Дохэ что-то тихо сказала близнецам. Те радостно загалдели, побежали к сестре, пошептались с ней, и Ятоу тоже весело взвизгнула. К пятнадцати годам у Ятоу все, что надо, уже выросло, а как разбесится — ни дать ни взять семилетка. Они шептались по-японски про рисовые колобки с начинкой из фасолевой пасты. Дохэ вчера весь вечер хлопотала, наготовила две решетки колобков. Сахар-песок семье был не по карману, и вместо него Дохэ положила в начинку коричневый кубинский сахар вперемешку с сахарином. За столом она взволнованно смотрела, как домочадцы пробуют колобки, потом принялась извиняться за свою стряпню:
— Плохие, должны быть послаще, тогда хорошие.
Если
Эрхай жевал, жевал и вдруг говорит:
— Оставьте колобок дяде Пэну!
— Дядя Пэн не придет, — ответила Сяохуань. — Ешь сам.
Сяо Пэн у Чжанов давно не появлялся. По выходным в гости заглядывал один Сяо Ши.

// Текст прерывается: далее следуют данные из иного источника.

Lemma derive_signed_gap_prod_sorts_eq x s t : sorts (a x) s -> sorts (a x) t ->
  derive (fun y => signed_gap_prod (a y) s) x e =
  derive (fun y => signed_gap_prod (a y) t) x e.
Proof.
move=> sa ta; have E := sorts_eq sa ta.
have [k0 /eqP gap0|gap_neq0] := pickP (fun k : 'I_N.-1 => gap (a x) s k == 0);
  last by rewrite (sorts_gap_neq0_perm_eq sa ta (fun k => negbT (gap_neq0 k))).
have gap0_t : gap (a x) t k0 = 0 by rewrite -(eq_gap E).
rewrite (derive_signed_gap_prod_root gap0) (derive_signed_gap_prod_root gap0_t).
have -> : \prod_(k < N.-1 | k != k0) gap (a x) t k =
          \prod_(k < N.-1 | k != k0) gap (a x) s k.
  by apply: eq_bigr => k _; rewrite (eq_gap E).
have [k1 /andP[k10 /eqP gap1]|single] :=
  pickP (fun k : 'I_N.-1 => (k != k0) && (gap (a x) s k == 0)).
  by rewrite (bigD1 k1) //= gap1 !mul0r !mulr0.
congr (_ * _); apply/esym/(sorts_single_tie_signed_gap sa) => // k gap0_k.
by apply/eqP; apply: contraT => kk0; have := single k; rewrite kk0 gap0_k eqxx.
Qed.

End SortletPieces.

Lemma smooth_C1_along (R : realType) (d : nat) (f : 'rV[R]_d -> R) (j : 'I_d) :
  smooth f -> C1_along (basis_vec R j) f.
Proof.
move=> f_smooth; have [f_cont f_der] := f_smooth [::].
by split; [exact: f_cont | exact: f_der j | exact: (f_smooth [:: j]).1].
Qed.

Theorem mainTheorem2 (R : realType) (N : nat) (hN : (2 <= N)%N)
  (alpha : 'rV[R]_(3 * N) -> 'I_N -> R)
  (halpha : forall i : 'I_N, smooth (fun r => alpha r i)) :
  forall j : 'I_(3 * N),
    (forall r : 'rV[R]_(3 * N), derivable (sortlet alpha) r (basis_vec R j)) /\
    continuous (fun r : 'rV[R]_(3 * N) => derive (sortlet alpha) r (basis_vec R j)).
Proof.
move=> j; have alpha_C1 i := smooth_C1_along j (halpha i).
apply: (@piecewise_C1 _ _ _ _ _ (fun t r => signed_gap_prod (alpha r) t)
  (fun r t => sorts (alpha r) t)).
- exact: C1_along_signed_gap_prod.
- by move=> r; exact: sorts_exists.
- by move=> r t; exact: sortletE.
- by move=> r0; apply: near_sorts => i; have [] := alpha_C1 i.
- by move=> r s t; exact: derive_signed_gap_prod_sorts_eq.
Qed.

Теперь у Сяо Ши всегда был такой вид, будто он замыслил недоброе. А Сяохуань тоже не проведешь, она давно раскусила, что на уме у этих парней. Видят, что Дохэ хранит целомудрие, а живет в доме не девушкой и не женой, жалеют беднягу и надеются, что в их-то руках она про целомудрие и позабудет. Сяо Ши в последнее время даже шуточки свои оставил, к Чжанам являлся с подарками, словно зять в невестин дом: или пачку печенья принесет, или полцзиня хорошего кунжутного масла, или две пары свиных копытец. Сяо Ши служил рабочим четвертого разряда, иждивенцев у него не было, но если часто ходить к Чжанам и строить из себя богатого зятька, так можно и без штанов остаться. Как-то раз Сяо Ши завороженно уставился на выпяченный зад Дохэ, пока та чистила пол, и Сяохуань увидела, как вздулись у мужа вены на руках. Любимую женщину Чжан Цзяня пожирает пара сальных глазок. В ту секунду Сяохуань многое стало ясно: любовь Чжан Цзяня и Дохэ никуда не пропала, она просто ждет своего часа. Резать такую любовь по живому толку нет — пустит корни еще глубже. Любовь — как детская игра: появляется без спроса и уходит, когда захочет, а начнешь с ней воевать, она заболит и уж до самой смерти не ослабнет. Сяохуань прозорливости было не занимать, она хорошо понимала, как устроен этот мир, а вот с Дохэ и Чжан Цзянем просчиталась. Глядя на мужнины руки с газетой, глядя, как пульсируют его набухшие, толстые, словно сучья, вены, Сяохуань встала, подошла к Дохэ и отправила ее за чем-то из комнаты. Что там был за предлог, сразу забыла, главное, что их гость перестал любоваться задом Дохэ. Сяохуань подобрала щетку, села и принялась за работу: цзы-ла, цзы-ла. С годами скрежет щетки о бетонный пол полюбился всем Чжанам, от мала до велика, и ласкал им слух не хуже музыки. Сяохуань подумала: а если однажды этот гладкий, как зеркало, бетонный пол исчезнет, и выглаженная, благоухающая крахмалом одежда тоже исчезнет, исчезнут креветки, мальки, цикады в соевом соусе, колобки с начинкой из бобовой пасты — долго ли протянет тогда семья Чжан? Дохэ урывками рассказывала Сяохуань о своем детстве, о юности, о деревне Сиронами, о сакурах и деревенских храмах синто, много говорила про свою мать — дети видели только материну сгорбленную спину: она или пол скребла, или одежду гладила, или молилась, или кланялась старшим родственникам, мужу, сыну… За эти пятнадцать лет Дохэ мало-помалу перенесла деревню Сиронами в дом Чжанов.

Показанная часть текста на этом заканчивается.